Assignment
Using the entries below, say how many of the lines carry "powT". Write the number alone.

----

(* Let $E$ and $F$ be disjoint finite sets, and let $S\subseteq 2^E$ and $T\subseteq 2^F$ be powerful sets. Define the direct sum $S\oplus T=\{X\cup Y : X\in S,\ Y\in T\}\subseteq 2^{E\cup F}$. Then $\mathcal{C}(S\oplus T)=\mathcal{C}(S)\cup\mathcal{C}(T)$.
   Context: For a finite set $E$, a set $S\subseteq 2^E$ is powerful if for every $X\subseteq E$ the number of members of $S$ that are subsets of $X$ is a power of $2$ (in particular $\emptyset\in S$). For a powerful set $S$, $\mathcal{C}(S)$ denotes the set of cocircuits of $S$, i.e. the minimal (under inclusion) nonempty members of $S$. *)

From mathcomp Require Import all_boot.
Set Implicit Arguments. Unset Strict Implicit. Unset Printing Implicit Defensive.

(* Subsets of a ground finite set E are modelled as sets over an ambient
   finType U contained in E; a family S \subseteq 2^E is a {set {set U}}
   all of whose members are subsets of E. *)

Definition family_on (U : finType) (E : {set U}) (S : {set {set U}}) : bool :=
  S \subset powerset E.

Definition powerful (U : finType) (E : {set U}) (S : {set {set U}}) : Prop :=
  family_on E S /\
  forall X : {set U}, X \subset E ->
    exists k : nat, #|[set Y in S | Y \subset X]| = 2 ^ k.

Definition cocircuits (U : finType) (S : {set {set U}}) : {set {set U}} :=
  [set C in S | (C != set0) &&
     [forall D in S, (D != set0) && (D \subset C) ==> (D == C)]].

Definition dsum (U : finType) (S T : {set {set U}}) : {set {set U}} :=
  [set X :|: Y | X in S, Y in T].

From mathcomp Require Import all_boot.
Set Implicit Arguments. Unset Strict Implicit.

(* Then S and T sit inside S (+) T, so a minimal nonempty
   member of S (+) T that lies in S or T is a cocircuit there; and a member
   X :|: Y of S (+) T below a cocircuit C of S has Y contained in both E and
   F, hence empty, so it is a member of S below C. *)

Section Cocircuits.
Variable U : finType.
Implicit Types (E F C D X Y : {set U}) (S T : {set {set U}}).

Lemma powerful_set0 E S : powerful E S -> set0 \in S.
Proof.
case=> _ /(_ set0 (sub0set _)) [k count_set0].
apply/negPn/negP => S0.
suff no_member : [set Y in S | Y \subset set0] = set0.
  by move: count_set0; rewrite no_member cards0 => /esym/eqP; rewrite expn_eq0.
by apply/setP => Y; rewrite !inE subset0; apply: contraNF S0 => /andP[? /eqP <-].
Qed.

Lemma family_on_sub E S Y : family_on E S -> Y \in S -> Y \subset E.
Proof. by move=> /subsetP SE /SE; rewrite powersetE. Qed.

Lemma cocircuitsP S C :
  reflect [/\ C \in S, C != set0 &
             forall D, D \in S -> D != set0 -> D \subset C -> D = C]
          (C \in cocircuits S).
Proof.
rewrite inE; apply: (iffP and3P) => [[SC C0 /forallP minC]|[SC C0 minC]].
  by split=> // D SD D0 DC; apply/eqP; move: (minC D); rewrite SD D0 DC.
split=> //; apply/forallP => D; apply/implyP => SD; apply/implyP => /andP[D0 DC].
by rewrite (minC D).
Qed.

Lemma cocircuits_sub S T C :
  S \subset T -> C \in S -> C \in cocircuits T -> C \in cocircuits S.
Proof.
move=> /subsetP ST SC /cocircuitsP[_ C0 minC]; apply/cocircuitsP.
by split=> // D SD; apply: minC (ST D SD).
Qed.

Lemma dsumC S T : dsum S T = dsum T S.
Proof.
by apply/setP => Z; apply/imset2P/imset2P => -[X Y SX TY ->]; exists Y X;
  rewrite // setUC.
Qed.

Lemma mem_dsum S T X Y : X \in S -> Y \in T -> X :|: Y \in dsum S T.
Proof. by move=> SX TY; apply/imset2P; exists X Y. Qed.

Lemma sub_dsuml S T : set0 \in T -> S \subset dsum S T.
Proof. by move=> T0; apply/subsetP => X SX; rewrite -[X]setU0 mem_dsum. Qed.

Lemma sub_dsumr S T : set0 \in S -> T \subset dsum S T.
Proof. by move=> S0; rewrite dsumC; apply: sub_dsuml. Qed.

Lemma cocircuits_dsum_sub S T : set0 \in S -> set0 \in T ->
  cocircuits (dsum S T) \subset cocircuits S :|: cocircuits T.
Proof.
move=> S0 T0; apply/subsetP => C cocC; rewrite inE.
have /cocircuitsP[/imset2P[X Y SX TY defC] _ minC] := cocC.
have [X0 | X0] := eqVneq X set0.
  rewrite (@cocircuits_sub T (dsum S T)) ?orbT ?sub_dsumr //.
  by rewrite defC X0 set0U.
have XC : X = C by apply: minC; rewrite ?defC ?subsetUl // (subsetP (sub_dsuml S T0)).
by rewrite (@cocircuits_sub S (dsum S T)) ?sub_dsuml // -XC.
Qed.

Lemma cocircuits_sub_dsuml E F S T :
  [disjoint E & F] -> family_on E S -> family_on F T -> set0 \in T ->
  cocircuits S \subset cocircuits (dsum S T).
Proof.
move=> dEF famS famT T0; apply/subsetP => C /cocircuitsP[SC C0 minC].
apply/cocircuitsP; split=> //; first by rewrite (subsetP (sub_dsuml S T0)).
move=> _ /imset2P[X Y SX TY ->] D0 DC.
have YEF : Y \subset E :&: F.
  rewrite subsetI (family_on_sub famT TY) andbT.
  exact: subset_trans (subsetUr X Y) (subset_trans DC (family_on_sub famS SC)).
have Y0 : Y = set0 by apply/eqP; rewrite -subset0 -(disjoint_setI0 dEF).
by move: D0 DC; rewrite Y0 setU0; apply: minC.
Qed.

End Cocircuits.

Theorem theorem2 (U : finType) (E F : {set U}) (S T : {set {set U}}) :
  [disjoint E & F] ->
  powerful E S -> powerful F T ->
  cocircuits (dsum S T) = cocircuits S :|: cocircuits T.
Proof.
move=> dEF powS powT.
have [[famS _] [famT _]] := (powS, powT).
have [S0 T0] := (powerful_set0 powS, powerful_set0 powT).
apply/eqP; rewrite eqEsubset cocircuits_dsum_sub // subUset.
rewrite (cocircuits_sub_dsuml dEF famS famT T0) dsumC.
by rewrite (cocircuits_sub_dsuml _ famT famS S0) // disjoint_sym.
Qed.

----

Exercise result
3